What is being asked: From the entries below, output the line with "move=> le_rr'; rewrite" and each following line up to and including the line with "rewrite reliable cond_entropy_file_edge_knowledge.", exactly as written.

Data section:
Lemma pr_le1 (A : Type) (m : prog A) (E : pred A) : pr m E <= 1 :> R.
Proof.
elim: m => [a|k m IH|k g IH|] //=; first by case: (E a).
rewrite ler_pdivrMl ?ltr0n // mulr1.
apply: le_trans (ler_sum _ (fun i _ => IH i)) _.
by rewrite sumr_const card_ord.
Qed.

Lemma ecost_ge0 (A : Type) (m : prog A) : 0 <= ecost m :> R.
Proof.
elim: m => [a|k m IH|k g IH|] //=; first by rewrite addr_ge0.
by rewrite mulr_ge0 ?invr_ge0 ?sumr_ge0.
Qed.

Lemma ecost_bind (A B : Type) (Q : A -> Prop) (m : prog A) (f : A -> prog B)
    (E : pred A) (b : R) :
  all_outputs Q m -> (forall a, Q a -> ecost (f a) <= b * (E a)%:R) ->
  ecost (bind m f) <= ecost m + b * pr m E.
Proof.
elim: m => [a|k m IH|k g IH|] /= Hm Hf.
- by rewrite add0r; apply: Hf.
- by rewrite -addrA lerD2l; apply: IH.
- rewrite mulrA [b * _]mulrC -mulrA -mulrDr ler_pM2l ?invr_gt0 ?ltr0n //.
  by rewrite mulr_sumr -big_split /=; apply: ler_sum => i _; apply: IH.
- by rewrite mulr0 addr0.
Qed.

Lemma ecost_bind_le (A B : Type) (Q : A -> Prop) (m : prog A) (f : A -> prog B)
    (b : R) :
  0 <= b -> all_outputs Q m -> (forall a, Q a -> ecost (f a) <= b) ->
  ecost (bind m f) <= ecost m + b.
Proof.
move=> b_ge0 Hm Hf; apply: le_trans (ecost_bind (E := xpredT) (b := b) Hm _) _.
  by move=> a /Hf; rewrite /= mulr1.
by rewrite lerD2l ler_piMr ?pr_le1.
Qed.

Lemma ecost_loop (A : Type) (body : prog (option A)) (K q : R) fuel :
  0 < q -> ecost body <= K -> pr body (fun o => ~~ isSome o) <= 1 - q ->
  ecost (loop fuel body) <= K / q.
Proof.
move=> q_gt0 HK Hfail; have K_ge0 : 0 <= K := le_trans (ecost_ge0 body) HK.
have Kq_ge0 : 0 <= K / q := divr_ge0 K_ge0 (ltW q_gt0).
elim: fuel => [|k IH] //=.
apply: le_trans (ecost_bind (b := K / q) (E := fun o => ~~ isSome o)
                   (all_outputsT body) _) _.
  by move=> [a|] _ /=; rewrite ?mulr0 ?mulr1.
apply: le_trans (lerD HK (ler_wpM2l Kq_ge0 Hfail)) _.
rewrite mulrBr mulr1 divfK ?gt_eqF //; lra.
Qed.

Lemma pr_unif_enum (T : finType) (S : {set T}) (A : Type) (f : T -> prog A)
    (E : pred A) :
  S != set0 ->
  pr (unif_seq (enum S) f) E = #|S|%:R^-1 * \sum_(x in S) pr (f x) E :> R.
Proof.
move=> S0; have : enum S != [::] by rewrite -size_eq0 -cardE cards_eq0.
rewrite -big_enum cardE; case: (enum S) => [//|x0 s] _ /=.
by rewrite (big_nth x0) big_mkord.
Qed.

Lemma ecost_unif_enum (T : finType) (S : {set T}) (A : Type) (f : T -> prog A) :
  S != set0 ->
  ecost (unif_seq (enum S) f) = #|S|%:R^-1 * \sum_(x in S) ecost (f x) :> R.
Proof.
move=> S0; have : enum S != [::] by rewrite -size_eq0 -cardE cards_eq0.
rewrite -big_enum cardE; case: (enum S) => [//|x0 s] _ /=.
by rewrite (big_nth x0) big_mkord.
Qed.

End ProgramLogic.

Lemma expR1_bounds (R : realType) : 9 / 4 <= expR 1 :> R /\ expR 1 < 4 :> R.
Proof.
have e_sqr : expR 1 = expR (2^-1) ^+ 2 :> R.
  by rewrite -expRM_natl; congr expR; field.
have lb : 1 + 2^-1 <= expR (2^-1) :> R by apply: expR_ge1Dx.
have ub : 1 + - 2^-1 < expR (- 2^-1) :> R.
  by apply: expR_gt1Dx; rewrite oppr_eq0 invr_eq0; apply/eqP; lra.
have inv : expR (2^-1) * expR (- 2^-1) = 1 :> R by rewrite -expRD subrr expR0.
have := expR_gt0 (2^-1 : R); rewrite e_sqr; split; nra.
Qed.

(* (4e)^d = 8^d (e/2)^d = lam^3 (e/2)^d, and d >= 1. *)
Lemma cube_le_4e_pow_doubling_dim (R : realType) (lam : nat) : (2 <= lam)%N ->
  (lam ^ 3)%:R * 9 / 8 <= (4 * expR 1) `^ doubling_dim R lam :> R.
Proof.
move=> lam_ge2; have [e_lb _] := expR1_bounds R.
have ln2_gt0 : 0 < ln (2 : R) by apply: ln_gt0; lra.
have lam_gt0 : 0 < lam%:R :> R by rewrite ltr0n; case: lam lam_ge2.
have ln_lam : ln (2 : R) <= ln lam%:R by rewrite ler_ln ?posrE ?ler_nat //; lra.
rewrite /doubling_dim; set d := ln lam%:R / ln 2.
have d_ge1 : 1 <= d by rewrite /d ler_pdivlMr // mul1r.
have -> : 4 * expR 1 = 8 * (expR 1 / 2) :> R by field.
rewrite powRM; [|lra|lra].
have -> : (8 : R) `^ d = (lam ^ 3)%:R.
  rewrite /powR ifF; last by apply/negbTE; lra.
  have -> : (8 : R) = 2 ^+ 3 by rewrite !exprS expr0; lra.
  rewrite lnXn; last lra.
  have -> : d * (ln 2 *+ 3) = 3%:R * ln lam%:R by rewrite /d -mulr_natr; field; lra.
  by rewrite expRM_natl lnK ?posrE // natrX.
have : expR 1 / 2 <= (expR 1 / 2) `^ d by rewrite -[X in X <= _]powRr1 ?ler_powR //; lra.
have : 0 <= (lam ^ 3)%:R :> R by [].
nra.
Qed.

Lemma leq_card_bigcup (T I : finType) (P : pred I) (F : I -> {set T}) :
  (#|\bigcup_(i | P i) F i| <= \sum_(i | P i) #|F i|)%N.
Proof.
apply: (big_ind2 (fun (X : {set T}) s => #|X| <= s)%N) => //; first by rewrite cards0.
move=> X1 s1 X2 s2 H1 H2; apply: leq_trans (leq_card_setU X1 X2) (leq_add H1 H2).
Qed.

Lemma head_filter_sort (d : Order.disp_t) (T : orderType d) (x0 : T) (a : pred T)
    (s : seq T) (r : T) :
  r \in s -> a r ->
  a (head x0 [seq x <- sort <=%O s | a x]) /\
  (head x0 [seq x <- sort <=%O s | a x] <= r)%O.
Proof.
move=> rs ar; have : r \in [seq x <- sort <=%O s | a x] by rewrite mem_filter ar mem_sort.
have : sorted <=%O [seq x <- sort <=%O s | a x].
  by apply/sorted_filter/sort_sorted; [exact: le_trans | exact: le_total].
have : all a [seq x <- sort <=%O s | a x] by apply: filter_all.
case: [seq x <- _ | _] => [//|h t] /= /andP[ah _] sorted_ht.
rewrite in_cons => /predU1P[<- //|rt]; split => //.
exact: (allP (order_path_min le_trans sorted_ht)).
Qed.

Lemma card_rank_lt (d : Order.disp_t) (U : orderType d) (T : finType) (S : {set T})
    (f : T -> U) (m : nat) :
  (minn m #|S| <= #|[set p in S | #|[set x in S | (f x < f p)%O]| < m]|)%N.
Proof.
set A := [set p in S | _]; rewrite leqNgt; apply/negP => small_A.
have AS : A \subset S by apply/subsetP => x; rewrite inE => /andP[].
have [p0 p0_SA] : exists p0, p0 \in S :\: A.
  by apply/set0Pn; rewrite -card_gt0 cardsDS //; move: small_A; rewrite leq_min; lia.
case: (arg_minP f p0_SA) => p p_SA p_min.
have /setDP[pS /negP] : p \in S :\: A := p_SA; apply; rewrite inE pS /=.
have below_A : [set x in S | (f x < f p)%O] \subset A.
  apply/subsetP => x; rewrite inE => /andP[xS fxp]; apply/negPn/negP => xA.
  have xSA : x \in S :\: A by rewrite inE xA xS.
  by have := p_min x xSA; rewrite leNgt fxp.
apply: leq_ltn_trans (subset_leq_card below_A) _.
by apply: leq_trans small_A (geq_minl _ _).
Qed.

Section Separators.
Variables (R : realType) (P : finType) (dist : P -> P -> R).

Lemma subset_ball (S : {set P}) (p : P) (r r' : R) : r <= r' ->
  ball dist S p r \subset ball dist S p r'.
Proof.
by move=> le_rr'; apply/subsetP => z; rewrite !inE => /andP[-> /le_trans]; apply.
Qed.

Lemma card_annulus (S : {set P}) (p : P) (r r' : R) : r <= r' ->
  #|annulus dist S p r r'| = (#|ball dist S p r'| - #|ball dist S p r|)%N.
Proof.
move=> le_rr'; rewrite -cardsDS ?subset_ball //; apply: eq_card => z.
by rewrite !inE; case: (z \in S); rewrite //= -ltNge andbC.
Qed.
Lemma cond_answer_step :
  cond_entropy P (file_at th) (all_answers th) = 0 ->
  L%:R + (cond_answer th i k.+1 + cond_answer th j k.+1) / 2 <=
  cond_answer th i k + cond_answer th j k.
Proof.
move=> reliable.
have := cond_entropy_map_le P_ge0 sum_P (file_at th) (all_answersE th k).
rewrite reliable cond_entropy_file_edge_knowledge.
have := entropy_submod P_ge0 sum_P (answer th i) (answer th j) (knowledge th k).
have := entropy_map_le P_ge0
  (X := fun om => (answer th i om, answer th j om, knowledge th k.+1 om))
  (Y := fun om => (answer th i om, knowledge th k.+1 om))
  (g := fun t => (t.1.1, t.2)) (fun _ => erefl).
have := entropy_map_le P_ge0
  (X := fun om => (answer th i om, answer th j om, knowledge th k.+1 om))
  (Y := fun om => (answer th j om, knowledge th k.+1 om))
  (g := fun t => (t.1.2, t.2)) (fun _ => erefl).
have := entropy_knowledge_succ.
rewrite /cond_answer !(cond_entropyE P_ge0) /=; lra.
Qed.

End Step.

Hypothesis reliable : forall th, cond_entropy P (file_at th) (all_answers th) = 0.
Hypothesis private : forall n th th' x,
  pr (fun om => (Q th n om.1, A n (Q th n om.1) om.2, restrict (stored ends ^~ n) om.2)) x =
  pr (fun om => (Q th' n om.1, A n (Q th' n om.1) om.2, restrict (stored ends ^~ n) om.2)) x.
Definition synthesis ip (zs : nat -> H) (a : nat -> R[i]) (t : H) : Prop :=
  hcvg ip (fun N => \sum_(0 <= n < N) a n *: zs n) t.

Definition K_minimal ip (zs : nat -> H) : Prop :=
  forall (a b : nat -> R[i]) (t : H), l2seq a -> l2seq b ->
    synthesis ip zs a t -> synthesis ip zs b t -> a = b.

End Hilbert.

Definition dsum_ip (R : realType) (H1 H2 : lmodType R[i])
  (ip1 : H1 -> H1 -> R[i]) (ip2 : H2 -> H2 -> R[i]) : (H1 * H2)%type -> (H1 * H2)%type -> R[i] :=
  fun u v => ip1 u.1 v.1 + ip2 u.2 v.2.

Definition dsum_op (H1 H2 : Type) (K : H1 -> H1) (L : H2 -> H2) : (H1 * H2)%type -> (H1 * H2)%type :=
  fun u => (K u.1, L u.2).

(** Parseval's identity [|K^* z|^2 = sum_n |<z, e_n>|^2] for an orthonormal K-basis [e]
   does all the work.  For the remainder [r_N = sum_(n < N) <K z, e_n> e_n - K z],
   orthogonality gives [|r_N|^2 = - <z, K^* r_N> <= |z| |K^* r_N|], while
   [|K^* r_N|^2 = sum_(n >= N) |<K z, e_n>|^2] is the tail of a convergent series; hence
   [sum_n <z, K^* e_n> e_n --> K z], and since the coefficients of any expansion along
   an orthonormal system are forced, [K^* e_n] is the only K-dual frame.
   On [H1 (+) H2], Parseval's identity at [(u, 0)] makes [x] a Parseval K-frame of [H1],
   and projecting the expansion of [(K u, L 0)] gives the K-dual [K^* x_n].  If [L w <> 0],
   the coefficients [<(0, w), (K (+) L)^* (x_n, y_n)>] expand [(0, L w)]: they are not all
   zero, yet they synthesise [0] from [x], so [x] is not K-minimal.  When [K = 0],
   Parseval's identity at [(x_n, 0)] forces [x_n = 0].  Swapping the two summands
   exchanges the roles of [x] and [y]. *)

From mathcomp Require Import all_boot all_order all_algebra.
From mathcomp Require Import all_classical all_reals all_analysis.
From mathcomp Require Import complex.
From mathcomp Require Import lra.
Set Implicit Arguments.
Unset Strict Implicit.
Unset Printing Implicit Defensive.
Import Order.TTheory GRing.Theory Num.Theory numFieldNormedType.Exports.
Local Open Scope classical_set_scope.
Local Open Scope ring_scope.
Local Open Scope complex_scope.

Section ComplexModulus.
Variable R : realType.
Implicit Type c : R[i].

Lemma cnorm2E c : (cnorm2 c)%:C = c * c^*%C.
Proof. by rewrite add_Re2_Im2 sqr_normc. Qed.

Lemma cnorm2_ge0 c : 0 <= cnorm2 c.
Proof. exact: addr_ge0 (sqr_ge0 _) (sqr_ge0 _). Qed.

Lemma cnorm2_eq0 c : cnorm2 c = 0 -> c = 0.
Proof.
move=> c0; apply/eqP; rewrite -normr_eq0 -(@sqrf_eq0 _ `|c|) -add_Re2_Im2.
by rewrite -/(cnorm2 c) c0.
Qed.

Lemma cnorm20 : cnorm2 (0 : R[i]) = 0.
Proof. by rewrite /cnorm2 /= expr0n addr0. Qed.

Lemma cnorm2N c : cnorm2 (- c) = cnorm2 c.
Proof. by case: c => a b; rewrite /cnorm2 /= !sqrrN. Qed.

Lemma sqr_Re_le_cnorm2 c : complex.Re c ^+ 2 <= cnorm2 c.
Proof. by rewrite lerDl sqr_ge0. Qed.

End ComplexModulus.

Lemma sqr_cvg0 (R : realType) (f : nat -> R) : (forall n, 0 <= f n) ->
  (fun n => f n ^+ 2) @ \oo --> (0 : R) -> f @ \oo --> (0 : R).
Proof.
move=> f0 f2; have -> : f = Num.sqrt \o (fun n => f n ^+ 2).
  by apply/funext => n /=; rewrite sqrtr_sqr ger0_norm.
by rewrite -sqrtr0; apply: continuous_cvg => //; exact: sqrt_continuous.
Qed.

Lemma eseries_tail (R : realType) (f : nat -> \bar R) N :
  (\sum_(N <= n <oo) f n = \sum_(0 <= n <oo) (if (n < N)%N then 0 else f n))%E.
Proof.
rewrite eseries_cond eseries_mkcondr; apply: eq_eseriesr => n _.
by rewrite leqNgt; case: ltnP.
Qed.

Section InnerProduct.
Variables (R : realType) (H : lmodType R[i]) (ip : H -> H -> R[i]).
Hypothesis hip : is_inner_product ip.

Lemma ipDl x y z : ip (x + y) z = ip x z + ip y z.
Proof. by have [lin _ _ _] := hip; rewrite -{1}(scale1r x) lin mul1r. Qed.

Lemma ip0l z : ip 0 z = 0.
Proof. by apply: (addrI (ip 0 z)); rewrite -ipDl !addr0. Qed.

Lemma ipZl a x z : ip (a *: x) z = a * ip x z.
Proof. by have [lin _ _ _] := hip; rewrite -[a *: x]addr0 lin ip0l addr0. Qed.

Lemma ipNl x z : ip (- x) z = - ip x z.
Proof. by rewrite -scaleN1r ipZl mulN1r. Qed.

Lemma ipBl x y z : ip (x - y) z = ip x z - ip y z.
Proof. by rewrite ipDl ipNl. Qed.

Lemma ipC x y : ip x y = (ip y x)^*%C.
Proof. by have [_ -> _ _] := hip. Qed.

Lemma ip0r z : ip z 0 = 0.
Proof. by rewrite ipC ip0l conjc0. Qed.

Lemma ipZr a x z : ip z (a *: x) = a^*%C * ip z x.
Proof. by rewrite ipC ipZl rmorphM [ip z x]ipC. Qed.

Lemma ipNr x z : ip z (- x) = - ip z x.
Proof. by rewrite ipC ipNl rmorphN [ip z x]ipC. Qed.

Lemma ipBr x y z : ip z (x - y) = ip z x - ip z y.
Proof. by rewrite ipC ipBl rmorphB [ip z x]ipC [ip z y]ipC. Qed.

Lemma ip_suml I (r : seq I) (P : pred I) (F : I -> H) z :
  ip (\sum_(i <- r | P i) F i) z = \sum_(i <- r | P i) ip (F i) z.
Proof. exact: (big_morph (ip^~ z) (fun x y => ipDl x y z) (ip0l z)). Qed.

Lemma hnorm_ge0 x : 0 <= hnorm ip x.
Proof. exact: sqrtr_ge0. Qed.

Lemma ip_self x : ip x x = (hnorm ip x ^+ 2)%:C.
Proof.
have [_ _ ge0 _] := hip; move: (ge0 x); rewrite lecE /= => /andP[/eqP Im0 Re0].
by rewrite sqr_sqrtr //; case: (ip x x) Im0 => a b /= ->.
Qed.

Lemma hnorm_sqrE x : hnorm ip x ^+ 2 = complex.Re (ip x x).
Proof. by rewrite ip_self. Qed.

Lemma ip_self_eq0 x : ip x x = 0 -> x = 0.
Proof. by have [_ _ _ def0] := hip; apply: def0. Qed.

Lemma hnorm_eq0 x : hnorm ip x = 0 -> x = 0.
Proof. by move=> x0; apply: ip_self_eq0; rewrite ip_self x0 expr0n. Qed.

Lemma hnorm0 : hnorm ip 0 = 0.
Proof. by rewrite /hnorm ip0l sqrtr0. Qed.

Lemma hnormN x : hnorm ip (- x) = hnorm ip x.
Proof. by rewrite /hnorm ipNl ipNr opprK. Qed.

Lemma cauchy_schwarz a b : cnorm2 (ip a b) <= hnorm ip a ^+ 2 * hnorm ip b ^+ 2.
Proof.
have [b0|b_neq0] := eqVneq (hnorm ip b) 0.
  by rewrite (hnorm_eq0 b0) ip0r cnorm20 hnorm0 expr0n mulr0.
set A := hnorm ip a ^+ 2; set B := hnorm ip b ^+ 2; set c := ip a b.
(* [v] is the component of [<b, b> a] orthogonal to [b] *)
set v := ip b b *: a - c *: b.
have ip_bv : ip b v = 0.
  by rewrite ipBr !ipZr -ipC [ip b a]ipC -/c mulrC subrr.
have ip_vv : ip v v = (B * (B * A - cnorm2 c))%:C.
  rewrite {1}/v ipBl !ipZl ip_bv mulr0 subr0 ipBr !ipZr -ipC.
  by rewrite [_^*%C * _]mulrC -cnorm2E !ip_self -rmorphM -rmorphB -rmorphM.
have : 0 <= B * (B * A - cnorm2 c) by rewrite -ler0c -ip_vv ip_self ler0c sqr_ge0.
have B_gt0 : 0 < B by rewrite exprn_gt0 // lt_def b_neq0 hnorm_ge0.
by rewrite pmulr_rge0 // subr_ge0 mulrC.
Qed.
Lemma periodic_cover_from D K : D `<=` C -> is_fsubgroup K -> periodic K D ->
    (#|` C `\` D| + h < #|` K|)%N -> (forall i, i \in E -> #|` K| <= #|` Ks i|)%N ->
  exists K', [/\ is_fsubgroup K', periodic K' C & (h < #|` K'|)%N].
Proof.
elim: {D}_.+1 {-2}D (ltnSn #|` C `\` D|) K => // m IHm D ltDm K sDC sK pD ltK minK.
have [sCD|/fsubsetPn[c cC cND]] := boolP (C `<=` D).
  have eqDC : D = C by apply/eqP; rewrite eqEfsubset sDC sCD.
  by exists K; rewrite -eqDC; split => //; lia.
have [i iE cCi] := coverC cC.
have ltD : (#|` C `\` D| < #|` K|)%N by lia.
have ltCi : (#|` C `\` Cs i| < #|` Ks i|)%N by have := deficitCs iE; lia.
have merge := card_merge sK (fsubgroupKs iE) pD (periodicCs iE) sDC (subCs iE) ltD ltCi
  (minK i iE) cCi cND.
have splitD := card_fsetD_split D (subCs iE).
have CiD : (0 < #|` Cs i `\` D|)%N.
  by rewrite cardfs_gt0; apply/fset0Pn; exists c; rewrite in_fsetD cND.
apply: (IHm (D `|` Cs i) _ (K `&` Ks i)); first by lia.
- by rewrite fsubUset sDC subCs.
- exact: fsubgroupI sK (fsubgroupKs iE).
- apply: periodicU; first exact: periodicS (fsubsetIl _ _) pD.
  exact: periodicS (fsubsetIr _ _) (periodicCs iE).
- by lia.
- by move=> j jE; apply: leq_trans (minK j jE); apply/fsubset_leq_card/fsubsetIl.
Qed.

Lemma periodic_cover : C != fset0 ->
  exists K, [/\ is_fsubgroup K, periodic K C & (h < #|` K|)%N].
Proof.
move=> /fset0Pn[c /coverC[i0 i0E _]].
have exE : exists k, has (fun i => #|` Ks i| == k) E by exists #|` Ks i0|; apply/hasP; exists i0.
(* Start from a least period: [card_merge] needs [#|` K| <= #|` Ks i|] at each merge. *)
have [_ /hasP[i iE /eqP <-] minKi] := ex_minnP exE.
apply: (periodic_cover_from (subCs iE) (fsubgroupKs iE) (periodicCs iE) (deficitCs iE)).
by move=> j jE; apply: minKi; apply/hasP; exists j.
Qed.

End Cover.

(** * The e-transform and Kneser's theorem *)

Definition etransA X Y e := X `|` fcoset e Y.
Definition etransB X Y e := Y `&` fcoset (- e) X.

Definition etrans_shifts X Y : {fset G} :=
  [fset e in [fset a - b | a in X, b in Y] | etransB X Y e != Y].

Lemma in_etransB X Y e y : (y \in etransB X Y e) = (y \in Y) && (y + e \in X).
Proof. by rewrite in_fsetI in_fcoset opprK. Qed.

Lemma card_etrans X Y e : (#|` etransA X Y e| + #|` etransB X Y e| = #|` X| + #|` Y|)%N.
Proof.
rewrite -(card_fcoset e (etransB X Y e)) /etransA /etransB fcosetI fcosetK fsetIC.
by rewrite cardfsUI card_fcoset.
Qed.

Lemma sumset_etrans_sub X Y e : sumset (etransA X Y e) (etransB X Y e) `<=` sumset X Y.
Proof.
apply/fsubsetP => _ /sumsetP[a aAe [b bBe ->]].
move: aAe bBe; rewrite in_fsetU in_fcoset in_etransB => /orP[aX|aeY] /andP[bY beX].
  exact: mem_sumset.
by rewrite -(subrK e a) addrAC -addrA addrC mem_sumset.
Qed.

Lemma periodic_etransA K X Y e : periodic K X -> periodic K Y -> periodic K (etransA X Y e).
Proof. by move=> pX pY; apply/periodicU/periodic_fcoset. Qed.

Lemma periodic_etransB K X Y e : periodic K X -> periodic K Y -> periodic K (etransB X Y e).
Proof. by move=> pX pY; apply/periodicI/periodic_fcoset. Qed.

Lemma etrans_shiftsP X Y e : e \in etrans_shifts X Y ->
  [/\ etransA X Y e != fset0, etransB X Y e != fset0 & etransB X Y e `<` Y].
Proof.
rewrite !inE /= => /andP[/imfset2P[a aX [b bY ->]] BeNY]; split.
- by apply/fset0Pn; exists a; rewrite in_fsetU aX.
- by apply/fset0Pn; exists b; rewrite in_etransB bY subrKC.
- by rewrite fproperEneq BeNY fsubsetIl.
Qed.

Lemma etrans_cover X Y c : c \in sumset X Y ->
    (#|` sumset X Y| + #|` stab (sumset X Y)| < #|` X| + #|` Y|)%N ->
  exists2 e, e \in etrans_shifts X Y & c \in sumset (etransA X Y e) (etransB X Y e).
Proof.
move=> /sumsetP[a aX [b bY ->]] ltXY.
have [/hasP[e eE abe]|/hasPn uncovered] :=
  boolP (has (fun e => a + b \in sumset (etransA X Y e) (etransB X Y e)) (etrans_shifts X Y)).
  by exists e.
have shiftY a' : a' \in X -> etransB X Y (a' - b) = Y.
  move=> a'X; apply/eqP/negPn/negP => BeNY.
  have eE : a' - b \in etrans_shifts X Y.
    by rewrite !inE /= BeNY andbT; apply/imfset2P; exists a' => //; exists b.
  have := uncovered _ eE; rewrite mem_sumset ?in_fsetU ?aX // in_etransB bY.
  by rewrite subrKC.
have XY0 : sumset X Y != fset0 by apply: sumset_neq0; apply/fset0Pn; [exists a | exists b].
have leX : (#|` X| <= #|` sumset X Y|)%N.
  rewrite -(card_fcoset b X); apply/fsubset_leq_card/fsubsetP => z.
  by rewrite in_fcoset => zbX; rewrite -(subrK b z) mem_sumset.
have leY : (#|` Y| <= #|` stab (sumset X Y)|)%N.
  apply: (card_sub_fcoset (a := b)); apply/fsubsetP => y yY; rewrite in_fcoset.
  apply/stabP/fcoset_eq_of_sub => //; apply/fsubsetP => z.
  rewrite in_fcoset => /sumsetP[a1 a1X [b1 b1Y zE]].
  have a1Y : y + (a1 - b) \in X by move: yY; rewrite -(shiftY a1 a1X) in_etransB => /andP[].
  by rewrite -(subrK (y - b) z) zE addrAC (addrCA a1) mem_sumset.
by move: ltXY; lia.
Qed.

Definition kneser_bound A B : Prop :=
  (#|` sumset A (stab (sumset A B))| + #|` sumset B (stab (sumset A B))|
    <= #|` sumset A B| + #|` stab (sumset A B)|)%N.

The answer:
move=> le_rr'; rewrite -cardsDS ?subset_ball //; apply: eq_card => z.
by rewrite !inE; case: (z \in S); rewrite //= -ltNge andbC.
Qed.
Lemma cond_answer_step :
  cond_entropy P (file_at th) (all_answers th) = 0 ->
  L%:R + (cond_answer th i k.+1 + cond_answer th j k.+1) / 2 <=
  cond_answer th i k + cond_answer th j k.
Proof.
move=> reliable.
have := cond_entropy_map_le P_ge0 sum_P (file_at th) (all_answersE th k).
rewrite reliable cond_entropy_file_edge_knowledge.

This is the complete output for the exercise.